Work instructions:
Every line from the one holding "by rewrite -big_split;" through the final line of the entries is to be reproduced exactly, and no other line.

**** Data to use ****

(* Assume the setting in the context with Assumptions (A1), (A2), (A3). For any $z\in\mathcal X$, $\min_{x\in X}\max_{y\in\mathcal Y}\hat f_r(x,y;z)=\max_{y\in\mathcal Y}\min_{x\in X}\hat f_r(x,y;z)$; hence $P(z)=\min_{x\in X}\Phi(x;z)=\max_{y\in\mathcal Y}\Psi_r(y;z)$.
   Context: $\mathcal X=\mathbb R^{d_1\times r}$ (Frobenius norm), $\mathcal Y=\mathbb R^{d_2}$, $\mathcal M=\{x:x^\top x=I_r\}$, $c(x)=x^\top x-I_r$, $A(x)=x(\frac32I_r-\frac12x^\top x)$; $C>\frac12+\sup_{x\in\mathcal M}\|x\|$, $X=\{x:\|x\|\le C\}$, $\bar X=\{A(x):\|x\|\le C\}$. $\partial$ is the Fréchet subdifferential. (A1) $h:\mathcal Y\to\mathbb R\cup\{+\infty\}$ proper, closed, $\zeta$-weakly convex ($h+\frac\zeta2\|\cdot\|^2$ convex), closed domain $Y$, locally Lipschitz on $Y$, $Y$ bounded. (A2) $f$ differentiable on an open set containing $\bar X\times Y$ with $\|\nabla_xf(x_1,y_1)-\nabla_xf(x_2,y_2)\|\le L_{xx}\|x_1-x_2\|+L_{xy}\|y_1-y_2\|$, $\|\nabla_yf(x_1,y_1)-\nabla_yf(x_2,y_2)\|\le L_{yx}\|x_1-x_2\|+L_{yy}\|y_1-y_2\|$ on $\bar X\times Y$. (A3) With $f_r=f-h$, there is $\mu>0$ with $\max_wf_r(x,w)-f_r(x,y)\le\frac1{2\mu}\mathrm{dist}^2(0,-\nabla_yf(x,y)+\partial h(y))$ for all $x\in\bar X,y\in Y$. For $\rho>0$: $\tilde f(x,y)=f(A(x),y)+\frac\rho4\|c(x)\|^2$, $\tilde f_r=\tilde f-h$; $l$ is the (blockwise) Lipschitz constant of $\nabla\tilde f$ on $X\times Y$; standing choice $p>l$. For $x\in X,y\in Y,z\in\mathcal X$: $\hat f(x,y;z)=\tilde f(x,y)+\frac p2\|x-z\|^2$, $\hat f_r=\hat f-h$, $\Phi(x;z)=\max_{y\in\mathcal Y}\hat f_r(x,y;z)$, $\Psi_r(y;z)=\min_{x\in X}\hat f(x,y;z)-h(y)$, $P(z)=\min_{x\in X}\max_{y\in\mathcal Y}\hat f_r(x,y;z)$. *)

From HB Require Import structures.
From mathcomp Require Import all_boot all_order all_algebra.
From mathcomp Require Import classical_sets boolp reals constructive_ereal ereal.
Set Implicit Arguments. Unset Strict Implicit. Unset Printing Implicit Defensive.
Import Order.TTheory GRing.Theory Num.Theory.
Local Open Scope ring_scope.
Local Open Scope classical_set_scope.

Section Defs.
Variable R : realType.

(* Frobenius inner product and norm on m x n matrices (row vectors of
   length d are 1 x d matrices, for which this is the Euclidean norm). *)
Definition fro_dot {m n} (A B : 'M[R]_(m, n)) : R :=
  \sum_(i < m) \sum_(j < n) A i j * B i j.
Definition fro_norm {m n} (A : 'M[R]_(m, n)) : R := Num.sqrt (fro_dot A A).

Definition is_grad {m n k} (F : 'M[R]_(m, n) -> 'rV[R]_k -> R)
  (gx : 'M[R]_(m, n)) (gy : 'rV[R]_k) (x : 'M[R]_(m, n)) (y : 'rV[R]_k) :=
  forall eps : R, 0 < eps -> exists2 delta : R, 0 < delta &
    forall u v, fro_norm u + fro_norm v < delta ->
      `| F (x + u) (y + v) - F x y - fro_dot gx u - fro_dot gy v |
        <= eps * (fro_norm u + fro_norm v).

Definition open_pair {m n k} (U : set ('M[R]_(m, n) * 'rV[R]_k)) :=
  forall x y, U (x, y) -> exists2 eps : R, 0 < eps &
    forall x' y', fro_norm (x' - x) + fro_norm (y' - y) < eps -> U (x', y').

Definition closed_set {k} (S : set 'rV[R]_k) :=
  forall y, (forall eps : R, 0 < eps -> exists2 w, S w & fro_norm (w - y) < eps) -> S y.

Definition bounded_set {k} (S : set 'rV[R]_k) :=
  exists M : R, forall y, S y -> fro_norm y <= M.

Definition dom {k} (h : 'rV[R]_k -> \bar R) : set 'rV[R]_k :=
  [set y | (h y < +oo)%E].

Definition proper_fun {k} (h : 'rV[R]_k -> \bar R) :=
  (forall y, h y != -oo%E) /\ exists y, (h y < +oo)%E.

(* closed = lower semicontinuous *)
Definition lsc {k} (h : 'rV[R]_k -> \bar R) :=
  forall y (a : \bar R), (a < h y)%E -> exists2 delta : R, 0 < delta &
    forall w, fro_norm (w - y) < delta -> (a < h w)%E.

Definition convex_fun {k} (g : 'rV[R]_k -> \bar R) :=
  forall y1 y2 (t : R), 0 <= t <= 1 ->
    (g (t *: y1 + (1 - t) *: y2)%R <= t%:E * g y1 + (1 - t)%:E * g y2)%E.

Definition weakly_convex {k} (zeta : R) (h : 'rV[R]_k -> \bar R) :=
  convex_fun (fun y => (h y + (zeta / 2 * fro_norm y ^+ 2)%:E)%E).

Definition locally_lipschitz_on {k} (h : 'rV[R]_k -> \bar R) (S : set 'rV[R]_k) :=
  forall y, S y -> exists2 delta : R, 0 < delta & exists L : R,
    forall w1 w2, S w1 -> S w2 -> fro_norm (w1 - y) < delta ->
      fro_norm (w2 - y) < delta ->
      `| fine (h w1) - fine (h w2) | <= L * fro_norm (w1 - w2).

Definition frechet_subdiff {k} (h : 'rV[R]_k -> \bar R) (y : 'rV[R]_k) :
  set 'rV[R]_k :=
  [set v | h y \is a fin_num /\
    forall eps : R, 0 < eps -> exists2 delta : R, 0 < delta &
      forall w, fro_norm (w - y) < delta ->
        ((fine (h y) + fro_dot v (w - y) - eps * fro_norm (w - y))%:E <= h w)%E].

Definition cmap {d1 r} (x : 'M[R]_(d1, r)) : 'M[R]_r := x^T *m x - 1%:M.
Definition Amap {d1 r} (x : 'M[R]_(d1, r)) : 'M[R]_(d1, r) :=
  x *m ((3 / 2 : R)%:M - (1 / 2 : R) *: (x^T *m x)).

Definition Xset {d1 r} (C : R) : set 'M[R]_(d1, r) := [set x | fro_norm x <= C].
Definition Xbar {d1 r} (C : R) : set 'M[R]_(d1, r) := Amap @` Xset C.

Definition ftilde {d1 r d2} (f : 'M[R]_(d1, r) -> 'rV[R]_d2 -> R) (rho : R)
  (x : 'M[R]_(d1, r)) (y : 'rV[R]_d2) : R :=
  f (Amap x) y + rho / 4 * fro_norm (cmap x) ^+ 2.

Definition fhat {d1 r d2} (f : 'M[R]_(d1, r) -> 'rV[R]_d2 -> R) (rho p : R)
  (x : 'M[R]_(d1, r)) (y : 'rV[R]_d2) (z : 'M[R]_(d1, r)) : R :=
  ftilde f rho x y + p / 2 * fro_norm (x - z) ^+ 2.

Definition fhat_r {d1 r d2} (f : 'M[R]_(d1, r) -> 'rV[R]_d2 -> R)
  (h : 'rV[R]_d2 -> \bar R) (rho p : R) x y z : \bar R :=
  ((fhat f rho p x y z)%:E - h y)%E.

Definition Phi {d1 r d2} (f : 'M[R]_(d1, r) -> 'rV[R]_d2 -> R)
  (h : 'rV[R]_d2 -> \bar R) (rho p : R) x z : \bar R :=
  ereal_sup [set fhat_r f h rho p x y z | y in [set: 'rV[R]_d2]].

Definition Psi_r {d1 r d2} (f : 'M[R]_(d1, r) -> 'rV[R]_d2 -> R)
  (h : 'rV[R]_d2 -> \bar R) (rho p C : R) y z : \bar R :=
  (ereal_inf [set (fhat f rho p x y z)%:E | x in @Xset d1 r C] - h y)%E.

Definition min_attained {T} (S : set T) (F : T -> \bar R) :=
  exists2 x, S x & F x = ereal_inf (F @` S).
Definition max_attained {T} (S : set T) (F : T -> \bar R) :=
  exists2 x, S x & F x = ereal_sup (F @` S).

End Defs.

(* Write [G x y = ftilde x y + p/2 |x - z|^2]. As the gradient of [ftilde] is
   [l]-Lipschitz and [p > l], [G (.) y] grows quadratically around its minimizer
   [xm y] on the ball [X]. Since [h] is lower semicontinuous and [dom h] is
   compact, the upper semicontinuous value function [y |-> G (xm y) y - h y]
   attains its maximum at some [ys]; put [xs = xm ys]. Comparing values at [ys]
   and at a nearby [w], the quadratic growth absorbs the displacement of
   [xm w], and [h w >= h ys + <gy xs ys, w - ys> - Q |w - ys|^2] follows, so
   [gy xs ys] is a Frechet subgradient of [h] at [ys]. By (A3) such a
   stationary point is a global maximizer of [f (A xs) (.) - h], hence of
   [fhat_r xs (.)], while [xs] minimizes [fhat_r (.) ys] by construction:
   [(xs, ys)] is a saddle point, which yields min-max = max-min with all
   extrema attained. *)

From Pilot Require Import Defs.
From HB Require Import structures.
From mathcomp Require Import all_boot all_order all_algebra.
From mathcomp Require Import classical_sets boolp reals constructive_ereal ereal.
From mathcomp Require Import topology normedtype derive.
From mathcomp Require Import ring lra.
Import Order.TTheory GRing.Theory Num.Theory.
Import numFieldNormedType.Exports.
Local Open Scope ring_scope.
Local Open Scope classical_set_scope.
Set Implicit Arguments. Unset Strict Implicit. Unset Printing Implicit Defensive.

Section Frobenius.
Variables (R : realType) (m n : nat).
Implicit Types (A B D : 'M[R]_(m, n)) (a : R).

Lemma fro_dotC A B : fro_dot A B = fro_dot B A.
Proof. by apply: eq_bigr => i _; apply: eq_bigr => j _; rewrite mulrC. Qed.

Lemma fro_dotDl A B D : fro_dot (A + B) D = fro_dot A D + fro_dot B D.
Proof.
rewrite /fro_dot -big_split; apply: eq_bigr => i _.
by rewrite -big_split; apply: eq_bigr => j _; rewrite mxE mulrDl.
Qed.

Lemma fro_dotZl a A D : fro_dot (a *: A) D = a * fro_dot A D.
Proof.
rewrite /fro_dot mulr_sumr; apply: eq_bigr => i _.
by rewrite mulr_sumr; apply: eq_bigr => j _; rewrite mxE mulrA.
Qed.

Lemma fro_dotBl A B D : fro_dot (A - B) D = fro_dot A D - fro_dot B D.
Proof. by rewrite fro_dotDl -scaleN1r fro_dotZl mulN1r. Qed.

Lemma fro_dotDr A B D : fro_dot D (A + B) = fro_dot D A + fro_dot D B.
Proof. by rewrite !(fro_dotC D) fro_dotDl. Qed.

Lemma fro_dotZr a A D : fro_dot D (a *: A) = a * fro_dot D A.
Proof. by rewrite !(fro_dotC D) fro_dotZl. Qed.

Lemma fro_dot0r D : fro_dot D 0 = 0.
Proof. by rewrite -(scale0r (0 : 'M[R]_(m, n))) fro_dotZr mul0r. Qed.

Lemma fro_dot_ge0 A : 0 <= fro_dot A A.
Proof. by apply: sumr_ge0 => i _; apply: sumr_ge0 => j _; rewrite -expr2 sqr_ge0. Qed.

Lemma fro_dot_eq0 A : fro_dot A A = 0 -> A = 0.
Proof.
move=> A0; apply/matrixP => i j; rewrite mxE; apply/eqP.
have sq_ge0 k l : 0 <= A k l * A k l by rewrite -expr2 sqr_ge0.
have rows0 := psumr_eq0P (fun k _ => sumr_ge0 _ (fun l _ => sq_ge0 k l)) A0.
have := psumr_eq0P (fun l _ => sq_ge0 i l) (@rows0 i isT) (i := j) isT.
by move/eqP; rewrite mulf_eq0 orbb.
Qed.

****

Problem solution:
by rewrite -big_split; apply: eq_bigr => j _; rewrite mxE mulrDl.
Qed.

Lemma fro_dotZl a A D : fro_dot (a *: A) D = a * fro_dot A D.
Proof.
rewrite /fro_dot mulr_sumr; apply: eq_bigr => i _.
by rewrite mulr_sumr; apply: eq_bigr => j _; rewrite mxE mulrA.
Qed.

Lemma fro_dotBl A B D : fro_dot (A - B) D = fro_dot A D - fro_dot B D.
Proof. by rewrite fro_dotDl -scaleN1r fro_dotZl mulN1r. Qed.

Lemma fro_dotDr A B D : fro_dot D (A + B) = fro_dot D A + fro_dot D B.
Proof. by rewrite !(fro_dotC D) fro_dotDl. Qed.

Lemma fro_dotZr a A D : fro_dot D (a *: A) = a * fro_dot D A.
Proof. by rewrite !(fro_dotC D) fro_dotZl. Qed.

Lemma fro_dot0r D : fro_dot D 0 = 0.
Proof. by rewrite -(scale0r (0 : 'M[R]_(m, n))) fro_dotZr mul0r. Qed.

Lemma fro_dot_ge0 A : 0 <= fro_dot A A.
Proof. by apply: sumr_ge0 => i _; apply: sumr_ge0 => j _; rewrite -expr2 sqr_ge0. Qed.

Lemma fro_dot_eq0 A : fro_dot A A = 0 -> A = 0.
Proof.
move=> A0; apply/matrixP => i j; rewrite mxE; apply/eqP.
have sq_ge0 k l : 0 <= A k l * A k l by rewrite -expr2 sqr_ge0.
have rows0 := psumr_eq0P (fun k _ => sumr_ge0 _ (fun l _ => sq_ge0 k l)) A0.
have := psumr_eq0P (fun l _ => sq_ge0 i l) (@rows0 i isT) (i := j) isT.
by move/eqP; rewrite mulf_eq0 orbb.
Qed.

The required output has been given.